▶ Work request: Find the line with "Definition independent (S" in the entries below. Repeat it, every following line, and the line with "2m points of", exactly and with nothing added.
┄┄┄┄┄┄┄┄┄┄┄┄┄┄┄┄┄┄┄┄
(* For every integer $k\ge 2$, \[\overline{\alpha}(\{1,k,k+1\})=\begin{cases}\frac{2k}{6k+3} & k\equiv 0\pmod 3,\\ \frac13 & k\equiv 1\pmod 3,\\ \frac{k+1}{3k+6} & k\equiv 2\pmod 3.\end{cases}\]
   Context: For a finite set $S$ of positive integers, the distance graph $G(S)$ has vertex set $\mathbb{Z}$, with $i,j$ adjacent iff $|i-j|\in S$. The density of $A\subseteq\mathbb{Z}$ is $\delta(A)=\limsup_{N\to\infty}\frac{|A\cap[-N,N]|}{2N+1}$, and the independence ratio $\overline{\alpha}(S)$ is the supremum of $\delta(A)$ over independent sets $A$ of $G(S)$. *)

From Stdlib Require Import Reals ZArith List Lia.
From Coquelicot Require Import Coquelicot.
Open Scope R_scope.

(* A subset of Z, given by its characteristic function (classically every
   subset of Z has one). *)
Definition zset := Z -> bool.

Definition count_in (A : zset) (N : nat) : nat :=
  length (filter A (map (fun i : nat => (Z.of_nat i - Z.of_nat N)%Z)
                        (seq 0 (2 * N + 1)))).

Definition density (A : zset) : Rbar :=
  LimSup_seq (fun N => INR (count_in A N) / INR (2 * N + 1)).

Definition independent (S : list Z) (A : zset) : Prop :=
  forall i j : Z, A i = true -> A j = true -> ~ In (Z.abs (i - j)) S.

Definition is_independence_ratio (S : list Z) (r : R) : Prop :=
  Rbar_is_lub (fun x : Rbar => exists A, independent S A /\ density A = x)
              (Finite r).

(* Let A be independent in G({1, k, k+1}) and interleave it with its translate by k:
   h(2m+1) = A(m), h(2m) = A(m+k).  The forbidden distances 1, k, k+1 of A become the
   distances 1 and 2 in h, and h has the same density as A.  A set with no two points at
   distance 1 or 2 has density at most 1/3, which settles k = 3m+1.  For k = 3m, independence
   also forbids the distance 2k = 3(2m) in h, so every window of length 6m+1 contains at most
   2m points of h.  For k = 3m+2, every odd point j of h has the even "echo" j - (2k+1) in h.
   Cutting an interval at its last odd point leaves a tail of even points at mutual distance
   at least 4, and a block [j - (2k+1), j] of at most (2k+2)/3 points that starts at an even
   point; induction on such blocks bounds the density of h by (k+1)/(3k+6).  The matching
   lower bounds come from periodic sets. *)

From Stdlib Require Import Reals ZArith List Lia Lra.
From Coquelicot Require Import Coquelicot.

Open Scope Z_scope.

Lemma interval_ind (P : Z -> Z -> Prop) :
  (forall s t, (forall s' t', 0 <= t' - s' < t - s -> P s' t') -> P s t) ->
  forall s t, P s t.
Proof.
  intros step.
  assert (bounded : forall n s t, t - s <= Z.of_nat n -> P s t).
  { induction n as [|n IH]; intros s t Hn; apply step; intros s' t' Hlen.
    - lia.
    - apply IH; lia. }
  intros s t. apply (bounded (Z.to_nat (t - s))). lia.
Qed.

Fixpoint count_from (f : zset) (s : Z) (n : nat) : nat :=
  match n with
  | O => O
  | S n => (count_from f s n + if f (s + Z.of_nat n)%Z then 1 else 0)%nat
  end.

Definition cnt (f : zset) (a b : Z) : Z := Z.of_nat (count_from f a (Z.to_nat (b - a))).

Lemma count_from_add f s n m :
  count_from f s (n + m) = (count_from f s n + count_from f (s + Z.of_nat n) m)%nat.
Proof.
  induction m as [|m IH]; cbn [count_from].
  - now rewrite !Nat.add_0_r.
  - rewrite Nat.add_succ_r. cbn [count_from]. rewrite IH.
    replace (s + Z.of_nat (n + m)) with (s + Z.of_nat n + Z.of_nat m) by lia.
    destruct (f _); lia.
Qed.

Lemma cnt_nonneg f a b : 0 <= cnt f a b.
Proof. unfold cnt. lia. Qed.

Lemma cnt_split f a b c : a <= b <= c -> cnt f a c = cnt f a b + cnt f b c.
Proof.
  intros Habc. unfold cnt.
  replace (Z.to_nat (c - a)) with (Z.to_nat (b - a) + Z.to_nat (c - b))%nat by lia.
  rewrite count_from_add, Nat2Z.inj_add. do 3 f_equal. lia.
Qed.

Lemma cnt_empty f a b : b <= a -> cnt f a b = 0.
Proof. intros Hba. unfold cnt. now replace (Z.to_nat (b - a)) with 0%nat by lia. Qed.

Lemma cnt_single f a : cnt f a (a + 1) = if f a then 1 else 0.
Proof.
  unfold cnt. replace (Z.to_nat (a + 1 - a)) with 1%nat by lia.
  cbn. rewrite Z.add_0_r. now destruct (f a).
Qed.

Lemma cnt_le_length f a b : a <= b -> cnt f a b <= b - a.
Proof.
  intros Hab. unfold cnt.
  enough (forall n, (count_from f a n <= n)%nat) by (specialize (H (Z.to_nat (b - a))); lia).
  induction n as [|n IH]; cbn; [lia|]. destruct (f _); lia.
Qed.

Lemma cnt_mono f a b a' b' : a' <= a -> a <= b -> b <= b' -> cnt f a b <= cnt f a' b'.
Proof.
  intros. rewrite (cnt_split f a' a b'), (cnt_split f a b b') by lia.
  pose proof (cnt_nonneg f a' a). pose proof (cnt_nonneg f b b'). lia.
Qed.

Lemma cnt_ext f g a b : (forall i, a <= i < b -> f i = g i) -> cnt f a b = cnt g a b.
Proof.
  intros Hfg. unfold cnt. f_equal.
  assert (Hn : forall i, a <= i < a + Z.of_nat (Z.to_nat (b - a)) -> f i = g i)
    by (intros; apply Hfg; lia).
  revert Hn. generalize (Z.to_nat (b - a)) as n.
  induction n as [|n IH]; intros Hn; cbn; [reflexivity|].
  rewrite IH, Hn by (try intros; try apply Hn; lia). reflexivity.
Qed.

Lemma cnt_zero f a b : (forall i, a <= i < b -> f i = false) -> cnt f a b = 0.
Proof.
  intros Hf. rewrite (cnt_ext f (fun _ => false)) by exact Hf. unfold cnt.
  induction (Z.to_nat (b - a)) as [|n IH]; cbn; lia.
Qed.

Lemma count_in_cnt A N : Z.of_nat (count_in A N) = cnt A (- Z.of_nat N) (Z.of_nat N + 1).
Proof.
  unfold count_in, cnt.
  replace (Z.to_nat (Z.of_nat N + 1 - - Z.of_nat N)) with (2 * N + 1)%nat by lia.
  f_equal. generalize (2 * N + 1)%nat as n.
  induction n as [|n IH]; [reflexivity|].
  rewrite seq_S, map_app, filter_app, length_app, IH. cbn.
  replace (Z.of_nat n - Z.of_nat N) with (- Z.of_nat N + Z.of_nat n) by lia.
  destruct (A _); cbn; lia.
Qed.

Lemma cnt_windows_le f L c s t : 0 < L -> (forall x, cnt f x (x + L) <= c) -> s <= t ->
  L * cnt f s t <= c * (t - s) + c * L.
Proof.
  intros HL Hwin. revert s t. apply (interval_ind (fun s t => s <= t -> _)). intros s t IH Hst.
  assert (Hc : 0 <= c) by (pose proof (cnt_nonneg f s (s + L)); specialize (Hwin s); lia).
  destruct (Z_lt_le_dec (t - s) L) as [Hshort|Hlong].
  - pose proof (cnt_mono f s t s (s + L) ltac:(lia) Hst ltac:(lia)).
    specialize (Hwin s). nia.
  - rewrite (cnt_split f s (s + L) t) by lia.
    specialize (IH (s + L) t ltac:(lia) ltac:(lia)). specialize (Hwin s). nia.
Qed.

Lemma cnt_windows_ge f L c s t : 0 < L -> 0 <= c -> (forall x, c <= cnt f x (x + L)) -> s <= t ->
  c * (t - s) - c * L <= L * cnt f s t.
Proof.
  intros HL Hc Hwin. revert s t. apply (interval_ind (fun s t => s <= t -> _)). intros s t IH Hst.
  pose proof (cnt_nonneg f s t).
  destruct (Z_lt_le_dec (t - s) L) as [Hshort|Hlong]; [nia|].
  rewrite (cnt_split f s (s + L) t) by lia.
  specialize (IH (s + L) t ltac:(lia) ltac:(lia)). specialize (Hwin s). nia.
Qed.

Definition separated_on (w : Z) (h : zset) (a b : Z) : Prop :=
  forall x y, a <= x -> x < y -> y < b -> h x = true -> h y = true -> w <= y - x.

Lemma cnt_separated_on w h a b : 0 < w -> separated_on w h a b -> a <= b ->
  w * cnt h a b <= b - a + w - 1.
Proof.
  intros Hw. revert a b. apply (interval_ind (fun a b => separated_on w h a b -> a <= b -> _)).
  intros a b IH Hsep Hab.
  destruct (Z.eq_dec a b) as [<-|Hne]; [rewrite cnt_empty by lia; lia|].
  rewrite (cnt_split h a (a + 1) b), cnt_single by lia.
  assert (Hsub : forall a', a <= a' -> separated_on w h a' b)
    by (intros a' Ha' x y Hx; apply Hsep; lia).
  destruct (h a) eqn:Ha.
  - assert (Hgap : forall i, a + 1 <= i < Z.min b (a + w) -> h i = false).
    { intros i Hi. destruct (h i) eqn:Hhi; [|reflexivity].
      specialize (Hsep a i ltac:(lia) ltac:(lia) ltac:(lia) Ha Hhi). lia. }
    destruct (Z_le_gt_dec b (a + w)) as [Hb|Hb].
    + rewrite cnt_zero by (intros i Hi; apply Hgap; lia). lia.
    + rewrite (cnt_split h (a + 1) (a + w) b), cnt_zero by (try intros i Hi; try apply Hgap; lia).
      specialize (IH (a + w) b ltac:(lia) (Hsub (a + w) ltac:(lia)) ltac:(lia)). lia.
  - specialize (IH (a + 1) b ltac:(lia) (Hsub (a + 1) ltac:(lia)) ltac:(lia)). lia.
Qed.

Definition spaced (h : zset) : Prop :=
  forall x, h x = true -> h (x + 1) = false /\ h (x + 2) = false.

Lemma spaced_separated_on h a b : spaced h -> separated_on 3 h a b.
Proof.
  intros Hsp x y _ Hxy _ Hx Hy. destruct (Hsp x Hx) as [H1 H2].
  destruct (Z_le_gt_dec 3 (y - x)) as [|Hclose]; [assumption|].
  assert (y = x + 1 \/ y = x + 2) as [-> | ->] by lia; congruence.
Qed.

Lemma cnt_spaced h a b : spaced h -> a <= b -> 3 * cnt h a b <= b - a + 2.
Proof.
  intros Hsp Hab. pose proof (cnt_separated_on 3 h a b ltac:(lia) (spaced_separated_on h a b Hsp) Hab).
  lia.
Qed.

Lemma cnt_spaced_even h a b : spaced h -> a <= b ->
  (forall i, a <= i < b -> h i = true -> i mod 2 = 0) -> 4 * cnt h a b <= b - a + 3.
Proof.
  intros Hsp Hab Heven.
  enough (separated_on 4 h a b) by (pose proof (cnt_separated_on 4 h a b ltac:(lia) H Hab); lia).
  intros x y Ha Hxy Hb Hx Hy.
  pose proof (spaced_separated_on h a b Hsp x y Ha Hxy Hb Hx Hy).
  pose proof (Heven x ltac:(lia) Hx). pose proof (Heven y ltac:(lia) Hy).
  Z.div_mod_to_equations. lia.
Qed.

Lemma cnt_after_hit h j b : spaced h -> h j = true -> b <= j + 3 -> cnt h (j + 1) b = 0.
Proof.
  intros Hsp Hj Hb. destruct (Hsp j Hj) as [H1 H2].
  apply cnt_zero. intros i Hi. assert (i = j + 1 \/ i = j + 2) as [-> | ->] by lia; assumption.
Qed.

Lemma last_witness (P : Z -> bool) s t :
  (forall i, s <= i < t -> P i = false) \/
  exists j, s <= j < t /\ P j = true /\ forall i, j < i < t -> P i = false.
Proof.
  revert s t. apply interval_ind. intros s t IH.
  destruct (Z_lt_le_dec s t) as [Hst|Hts]; [|left; lia].
  destruct (P (t - 1)) eqn:Hlast.
  - right. exists (t - 1). split; [lia|split; [assumption|lia]].
  - destruct (IH s (t - 1) ltac:(lia)) as [Hnone|(j & Hj & Pj & Hafter)].
    + left. intros i Hi. destruct (Z.eq_dec i (t - 1)) as [->|]; [assumption|apply Hnone; lia].
    + right. exists j. split; [lia|split; [assumption|]].
      intros i Hi. destruct (Z.eq_dec i (t - 1)) as [->|]; [assumption|apply Hafter; lia].
Qed.

Lemma split_at_last_odd_hit h s u : spaced h -> s <= u ->
  4 * cnt h s u <= u - s + 3 \/
  exists j, s <= j < u /\ h j = true /\ j mod 2 = 1 /\ 4 * cnt h (j + 1) u <= u - j.
Proof.
  intros Hsp Hsu.
  assert (Heven_of : forall i, (h i && (i mod 2 =? 1))%bool = false -> h i = true -> i mod 2 = 0).
  { intros i Hi Hhi. rewrite Hhi in Hi. apply Z.eqb_neq in Hi.
    pose proof (Z.mod_pos_bound i 2 ltac:(lia)). lia. }
  destruct (last_witness (fun i => (h i && (i mod 2 =? 1))%bool) s u)
    as [Hnone|(j & Hj & Pj & Hafter)].
  - left. apply cnt_spaced_even; [assumption..|]. intros i Hi. apply Heven_of, Hnone, Hi.
  - right. apply andb_prop in Pj as [Hhj Hodd]. apply Z.eqb_eq in Hodd.
    exists j. split; [assumption|split; [assumption|split; [assumption|]]].
    destruct (Z_le_gt_dec u (j + 3)) as [Hshort|Hlong].
    + rewrite cnt_after_hit by assumption. lia.
    + rewrite (cnt_split h (j + 1) (j + 3) u), cnt_after_hit by (assumption || lia).
      pose proof (cnt_spaced_even h (j + 3) u Hsp ltac:(lia)
        ltac:(intros i Hi; apply Heven_of, Hafter; lia)). lia.
Qed.

Section Echoes.

Variables (h : zset) (q : Z).
Hypotheses (Hq : 1 <= q) (Hq_odd : q mod 2 = 1) (Hsp : spaced h)
  (Hecho : forall j, j mod 2 = 1 -> h j = true -> h (j - (3 * q + 2)) = true).

Let C := (q + 1) * (3 * q + 5).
┄┄┄┄┄┄┄┄┄┄┄┄┄┄┄┄┄┄┄┄
▶ Answer to this exercise:
Definition independent (S : list Z) (A : zset) : Prop :=
  forall i j : Z, A i = true -> A j = true -> ~ In (Z.abs (i - j)) S.

Definition is_independence_ratio (S : list Z) (r : R) : Prop :=
  Rbar_is_lub (fun x : Rbar => exists A, independent S A /\ density A = x)
              (Finite r).

(* Let A be independent in G({1, k, k+1}) and interleave it with its translate by k:
   h(2m+1) = A(m), h(2m) = A(m+k).  The forbidden distances 1, k, k+1 of A become the
   distances 1 and 2 in h, and h has the same density as A.  A set with no two points at
   distance 1 or 2 has density at most 1/3, which settles k = 3m+1.  For k = 3m, independence
   also forbids the distance 2k = 3(2m) in h, so every window of length 6m+1 contains at most
   2m points of h.  For k = 3m+2, every odd point j of h has the even "echo" j - (2k+1) in h.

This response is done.